At the 2022 Winter Olympics, Gu became the youngest gold medalist in freestyle skiing, winning the big air event, the first to be held at the Olympics. Gu landed a double cork 1620, her first attempt in competition. She was the second woman to land the trick and the first woman to land a left-turn 1620; Tess Ledeux first successfully completed a double cork 1620 on 21 January 2022 at the X Games in Aspen, Colorado  and landed it again in her first run of the big air final at the 2022 Winter Olympics.

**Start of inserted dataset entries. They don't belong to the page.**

Inductive head_red : tm -> tm -> Prop :=
| H_pure : forall M N, pure_red M N -> head_red M N
| H_if_tt : forall M N, head_red (If Tt M N) M
| H_if_ff : forall M N, head_red (If Ff M N) N
| H_not : forall b, head_red (App Not (of_bool b)) (of_bool (negb b))
| H_and : forall b1 b2,
    head_red (App And (Pair (of_bool b1) (of_bool b2))) (of_bool (b1 && b2))
| H_xor : forall b1 b2,
    head_red (App Xor (Pair (of_bool b1) (of_bool b2))) (of_bool (xorb b1 b2)).

Definition step (M N : tm) : Prop :=
  exists E R R', M = fill E R /\ N = fill E R' /\ head_red R R'.

(* Gate i [(b1,j1);...;(br,jr)] is cnot_i(b1^j1 ... br^jr) *)
Inductive gate : Type := Gate : nat -> list (bool * nat) -> gate.

Definition gate_wires (g : gate) : list nat :=
  let (i, cs) := g in i :: map snd cs.

Definition gate_wf (g : gate) : Prop :=
  let (i, cs) := g in forall b j, In (b, j) cs -> i <> j.

Definition wires (C : list gate) : list nat := flat_map gate_wires C.

Definition valuation := nat -> bool.

Definition exec_gate (g : gate) (v : valuation) : valuation :=
  let (i, cs) := g in
  fun l => if l =? i then
             xorb (v i) (forallb (fun bj => xorb (xorb (v (snd bj)) (fst bj)) true) cs)
           else v l.

(* input wires I = {1,...,n} *)
Definition in_I (n w : nat) : Prop := 1 <= w <= n.

(* final valuation obtained by executing (I, C, _) on the inputs (u_i)_{i in I}:
   inputs set on I, ff elsewhere; the gates of C run in reverse list order *)
Definition run (n : nat) (C : list gate) (u : nat -> bool) : valuation :=
  fold_right exec_gate (fun k => if (1 <=? k) && (k <=? n) then u k else false) C.

Definition lmap := nat -> option nat.

Definition upd (L : lmap) (x w : nat) : lmap :=
  fun y => if y =? x then Some w else L y.

Definition ctx_of (L : lmap) : nat -> option ty :=
  fun x => match L x with Some _ => Some TBit | None => None end.

Definition new_wire (n : nat) (C : list gate) (L : lmap) (w : nat) : Prop :=
  ~ In w (wires C) /\ ~ in_I n w /\ (forall x, L x <> Some w).

Definition fresh_var (L : lmap) (x : nat) : Prop := L x = None.

Inductive foe (L : lmap) : tm -> Prop :=
| Foe_var : forall x w, L x = Some w -> foe L (FVar x)
| Foe_pair : forall V W, foe L V -> foe L W -> foe L (Pair V W)
| Foe_list : forall V, foe_list L V -> foe L V
with foe_list (L : lmap) : tm -> Prop :=
| Foe_nil : foe_list L (Inj1 Skip)
| Foe_cons : forall V l, foe L V -> foe_list L l -> foe_list L (Inj2 (Pair V l)).

Inductive same_shape : tm -> tm -> Prop :=
| SS_var : forall x y, same_shape (FVar x) (FVar y)
| SS_pair : forall V1 V2 W1 W2, same_shape V1 W1 -> same_shape V2 W2 ->
    same_shape (Pair V1 V2) (Pair W1 W2)
| SS_nil : same_shape (Inj1 Skip) (Inj1 Skip)
| SS_cons : forall V l W l', same_shape V W -> same_shape l l' ->
    same_shape (Inj2 (Pair V l)) (Inj2 (Pair W l')).

(* if_gen n C c V W L0 U G L1 : building the output U of
   [if p then V else W] (c = L(p)), with fresh pairwise-distinct variables
   mapped to new distinct wires (L1 extends L0), and G the generated gates
   cnot_u(tt^p tt^v), cnot_u(ff^p tt^w) for each position. *)
Inductive if_gen (n : nat) (C : list gate) (c : nat) :
  tm -> tm -> lmap -> tm -> list gate -> lmap -> Prop :=
| IG_var : forall x y wx wy L0 z w,
    L0 x = Some wx -> L0 y = Some wy ->
    fresh_var L0 z -> new_wire n C L0 w ->
    if_gen n C c (FVar x) (FVar y) L0 (FVar z)
      [Gate w [(true, c); (true, wx)]; Gate w [(false, c); (true, wy)]] (upd L0 z w)
| IG_pair : forall V1 V2 W1 W2 L0 U1 G1 L1 U2 G2 L2,
    if_gen n C c V1 W1 L0 U1 G1 L1 -> if_gen n C c V2 W2 L1 U2 G2 L2 ->
    if_gen n C c (Pair V1 V2) (Pair W1 W2) L0 (Pair U1 U2) (G1 ++ G2) L2
| IG_nil : forall L0,
    if_gen n C c (Inj1 Skip) (Inj1 Skip) L0 (Inj1 Skip) [] L0
| IG_cons : forall V l W l' L0 U G1 L1 lu G2 L2,
    if_gen n C c V W L0 U G1 L1 -> if_gen n C c l l' L1 lu G2 L2 ->
    if_gen n C c (Inj2 (Pair V l)) (Inj2 (Pair W l')) L0 (Inj2 (Pair U lu)) (G1 ++ G2) L2.

Inductive step_kind : Type := KConst | KOther.

Inductive am_head (n : nat) :
  step_kind -> tm -> list gate -> lmap -> tm -> list gate -> lmap -> Prop :=
| AM_pure : forall R R' C L, pure_red R R' -> am_head n KOther R C L R' C L
| AM_ff : forall C L z w, fresh_var L z -> new_wire n C L w ->
    am_head n KConst Ff C L (FVar z) C (upd L z w)
| AM_tt : forall C L z w, fresh_var L z -> new_wire n C L w ->
    am_head n KConst Tt C L (FVar z) (Gate w [] :: C) (upd L z w)
| AM_not : forall C L p wp z w, L p = Some wp -> fresh_var L z -> new_wire n C L w ->
    am_head n KOther (App Not (FVar p)) C L (FVar z)
      (Gate w [(false, wp)] :: C) (upd L z w)
| AM_and : forall C L p q wp wq z w, L p = Some wp -> L q = Some wq ->
    fresh_var L z -> new_wire n C L w ->
    am_head n KOther (App And (Pair (FVar p) (FVar q))) C L (FVar z)
      (Gate w [(true, wp); (true, wq)] :: C) (upd L z w)
| AM_xor : forall C L p q wp wq z w, L p = Some wp -> L q = Some wq ->
    fresh_var L z -> new_wire n C L w ->
    am_head n KOther (App Xor (Pair (FVar p) (FVar q))) C L (FVar z)
      (Gate w [(true, wp)] :: Gate w [(true, wq)] :: C) (upd L z w)
| AM_if : forall C L p wp V W U G L'',
    L p = Some wp -> foe L V -> foe L W -> same_shape V W ->
    if_gen n C wp V W L U G L'' ->
    am_head n KOther (If (FVar p) V W) C L U (G ++ C) L''
| AM_if_err : forall C L p wp V W,
    L p = Some wp -> foe L V -> foe L W -> ~ same_shape V W ->
    am_head n KOther (If (FVar p) V W) C L Err C L.

Definition am_step (n : nat) (k : step_kind) (M : tm) (C : list gate) (L : lmap)
    (N : tm) (C' : list gate) (L' : lmap) : Prop :=
  exists E R R', M = fill E R /\ N = fill E R' /\ am_head n k R C L R' C' L'.

Definition cgam (n : nat) (M : tm) (C : list gate) (L : lmap) (m : nat) : Prop :=
  has_type (ctx_of L) [] M (bitn m) /\
  (exists dom : list nat, forall x, L x <> None <-> In x dom) /\
  (forall x y w, L x = Some w -> L y = Some w -> x = y) /\
  (forall x w, L x = Some w -> In w (wires C) \/ in_I n w) /\
  (forall g, In g C -> gate_wf g).

Fixpoint replace_fv (f : nat -> option bool) (t : tm) : tm :=
  match t with
  | BVar i => BVar i
  | FVar x => match f x with Some b => of_bool b | None => FVar x end
  | Lam M => Lam (replace_fv f M)
  | App M N => App (replace_fv f M) (replace_fv f N)
  | Pair M N => Pair (replace_fv f M) (replace_fv f N)
  | Pi1 M => Pi1 (replace_fv f M)
  | Pi2 M => Pi2 (replace_fv f M)
  | Skip => Skip
  | LetSkip M N => LetSkip (replace_fv f M) (replace_fv f N)
  | Tt => Tt
  | Ff => Ff
  | If P M N => If (replace_fv f P) (replace_fv f M) (replace_fv f N)
  | And => And
  | Xor => Xor
  | Not => Not
  | Inj1 M => Inj1 (replace_fv f M)
  | Inj2 M => Inj2 (replace_fv f M)
  | Match P M N => Match (replace_fv f P) (replace_fv f M) (replace_fv f N)
  | Split => Split
  | Y M => Y (replace_fv f M)
  | Err => Err
  end.

Definition readback (n : nat) (C : list gate) (L : lmap) (M : tm) (u : nat -> bool) : tm :=
  let v := run n C u in
  replace_fv (fun x => match L x with Some w => Some (v w) | None => None end) M.

(* A machine step only extends L and only adds gates whose targets are
   new wires, so the readback of the surrounding context does not change.  At the
   redex, a constant tt/ff becomes a variable on a fresh wire carrying that
   constant; not/and/xor become a variable on a fresh wire carrying the computed
   bit, so the readback performs the boolean reduction; and the wires generated
   for [if p then V else W] compute (p /\ v_j) xor (~p /\ w_j), i.e. the selected
   branch, so the readback performs the if-reduction. *)
From Stdlib Require Import List Arith Bool.
Import ListNotations.

Fixpoint fvs (t : tm) : list nat :=
  match t with
  | BVar _ | Skip | Tt | Ff | And | Xor | Not | Split | Err => []
  | FVar x => [x]
  | Lam M | Pi1 M | Pi2 M | Inj1 M | Inj2 M | Y M => fvs M
  | App M N | Pair M N | LetSkip M N => fvs M ++ fvs N
  | If P M N | Match P M N => fvs P ++ fvs M ++ fvs N
  end.

Fixpoint ctx_rfv (f : nat -> option bool) (E : ctx) : ctx :=
  match E with
  | Hole => Hole
  | CLam E => CLam (ctx_rfv f E)
  | CAppL E N => CAppL (ctx_rfv f E) (replace_fv f N)
  | CAppR M E => CAppR (replace_fv f M) (ctx_rfv f E)
  | CPairL E N => CPairL (ctx_rfv f E) (replace_fv f N)
  | CPairR M E => CPairR (replace_fv f M) (ctx_rfv f E)
  | CPi1 E => CPi1 (ctx_rfv f E)
  | CPi2 E => CPi2 (ctx_rfv f E)
  | CLetL E N => CLetL (ctx_rfv f E) (replace_fv f N)
  | CLetR M E => CLetR (replace_fv f M) (ctx_rfv f E)
  | CIf1 E M N => CIf1 (ctx_rfv f E) (replace_fv f M) (replace_fv f N)
  | CIf2 P E N => CIf2 (replace_fv f P) (ctx_rfv f E) (replace_fv f N)
  | CIf3 P M E => CIf3 (replace_fv f P) (replace_fv f M) (ctx_rfv f E)
  | CInj1 E => CInj1 (ctx_rfv f E)
  | CInj2 E => CInj2 (ctx_rfv f E)
  | CMatch1 E M N => CMatch1 (ctx_rfv f E) (replace_fv f M) (replace_fv f N)
  | CMatch2 P E N => CMatch2 (replace_fv f P) (ctx_rfv f E) (replace_fv f N)
  | CMatch3 P M E => CMatch3 (replace_fv f P) (replace_fv f M) (ctx_rfv f E)
  | CY E => CY (ctx_rfv f E)
  end.

Lemma rfv_fill f E R : replace_fv f (fill E R) = fill (ctx_rfv f E) (replace_fv f R).
Proof. induction E; simpl; congruence. Qed.

Lemma rfv_ext t f g : (forall x, In x (fvs t) -> f x = g x) ->
  replace_fv f t = replace_fv g t.
Proof.
  induction t; simpl; intros H; try reflexivity;
    try (rewrite H by auto; reflexivity);
    f_equal; try (first [apply IHt | apply IHt1 | apply IHt2 | apply IHt3]);
    intros; apply H; rewrite ?in_app_iff; tauto.
Qed.

(* The free variables of a context [E] are taken to be those of [fill E Skip]. *)
Lemma ctx_rfv_ext E f g : (forall x, In x (fvs (fill E Skip)) -> f x = g x) ->
  ctx_rfv f E = ctx_rfv g E.
Proof.
  induction E; simpl; intros H; try reflexivity;
    f_equal; try apply IHE; try apply rfv_ext;
    intros; apply H; rewrite ?in_app_iff; tauto.
Qed.

Lemma in_fvs_fill E R x :
  In x (fvs (fill E R)) <-> In x (fvs (fill E Skip)) \/ In x (fvs R).
Proof. induction E; simpl; rewrite ?in_app_iff; tauto. Qed.

Lemma rfv_lift f t c d : replace_fv f (lift c d t) = lift c d (replace_fv f t).
Proof.
  revert c; induction t; simpl; intros; try congruence.
  - destruct (n <? c); reflexivity.
  - destruct (f n) as [[]|]; reflexivity.
Qed.

Lemma rfv_subst f t k N :
  replace_fv f (subst k N t) = subst k (replace_fv f N) (replace_fv f t).
Proof.
  revert k; induction t; simpl; intros; try congruence.
  - destruct (n <? k); [reflexivity|].
    destruct (n =? k); [apply rfv_lift|reflexivity].
  - destruct (f n) as [[]|]; reflexivity.
Qed.

Lemma pure_red_rfv f R R' :
  pure_red R R' -> pure_red (replace_fv f R) (replace_fv f R').
Proof. destruct 1; simpl; unfold subst0; rewrite ?rfv_subst; constructor. Qed.

Definition scoped (L : lmap) (t : tm) : Prop := forall x, In x (fvs t) -> L x <> None.

Lemma typed_scoped L G t A : has_type (ctx_of L) G t A -> scoped L t.
Proof.
  unfold scoped, ctx_of.
  induction 1; simpl; intros y Hy; rewrite ?in_app_iff in Hy; try tauto;
    try (destruct Hy as [->|[]]; destruct (L y); congruence); firstorder.
Qed.

Lemma scoped_pair L V W : scoped L (Pair V W) -> scoped L V /\ scoped L W.
Proof. intros HP; split; intros x Hx; apply HP; simpl; rewrite in_app_iff; auto. Qed.

Lemma scoped_extend L L' t : (forall x w, L x = Some w -> L' x = Some w) ->
  scoped L t -> scoped L' t.
Proof.
  intros Hext Ht x Hx HL'; destruct (L x) as [w|] eqn:HL.
  - rewrite (Hext _ _ HL) in HL'; discriminate.
  - exact (Ht x Hx HL).
Qed.

Lemma scoped_if L (b : bool) V W : scoped L V -> scoped L W -> scoped L (if b then V else W).
Proof. destruct b; auto. Qed.

Definition env_of (L : lmap) (v : valuation) : nat -> option bool :=
  fun x => option_map v (L x).

Lemma readback_env n C L M u : readback n C L M u = replace_fv (env_of L (run n C u)) M.
Proof. reflexivity. Qed.

Lemma env_of_agree L v L' v' x w :
  L x = Some w -> L' x = Some w -> v' w = v w -> env_of L' v' x = env_of L v x.
Proof. unfold env_of; intros -> -> Hv; simpl; rewrite Hv; reflexivity. Qed.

Gu won the silver medal in the slopestyle event. She won a second gold medal in the women's freeski halfpipe competition, becoming the first freestyle skier to win three medals at a Winter Olympics. She was awarded the Best Breakthrough Athlete and Best Female Action Sports Athlete ESPY Awards at the 2022 ESPY Awards.

World Cup results

Gu ended the 2021-2022 World Cup season with a perfect record in women's halfpipe, taking her first career crystal globe and becoming the first freestyle skier to win four consecutive World Cup competitions. She claimed her second crystal globe in the same season, placing first in Park & Pipe overall.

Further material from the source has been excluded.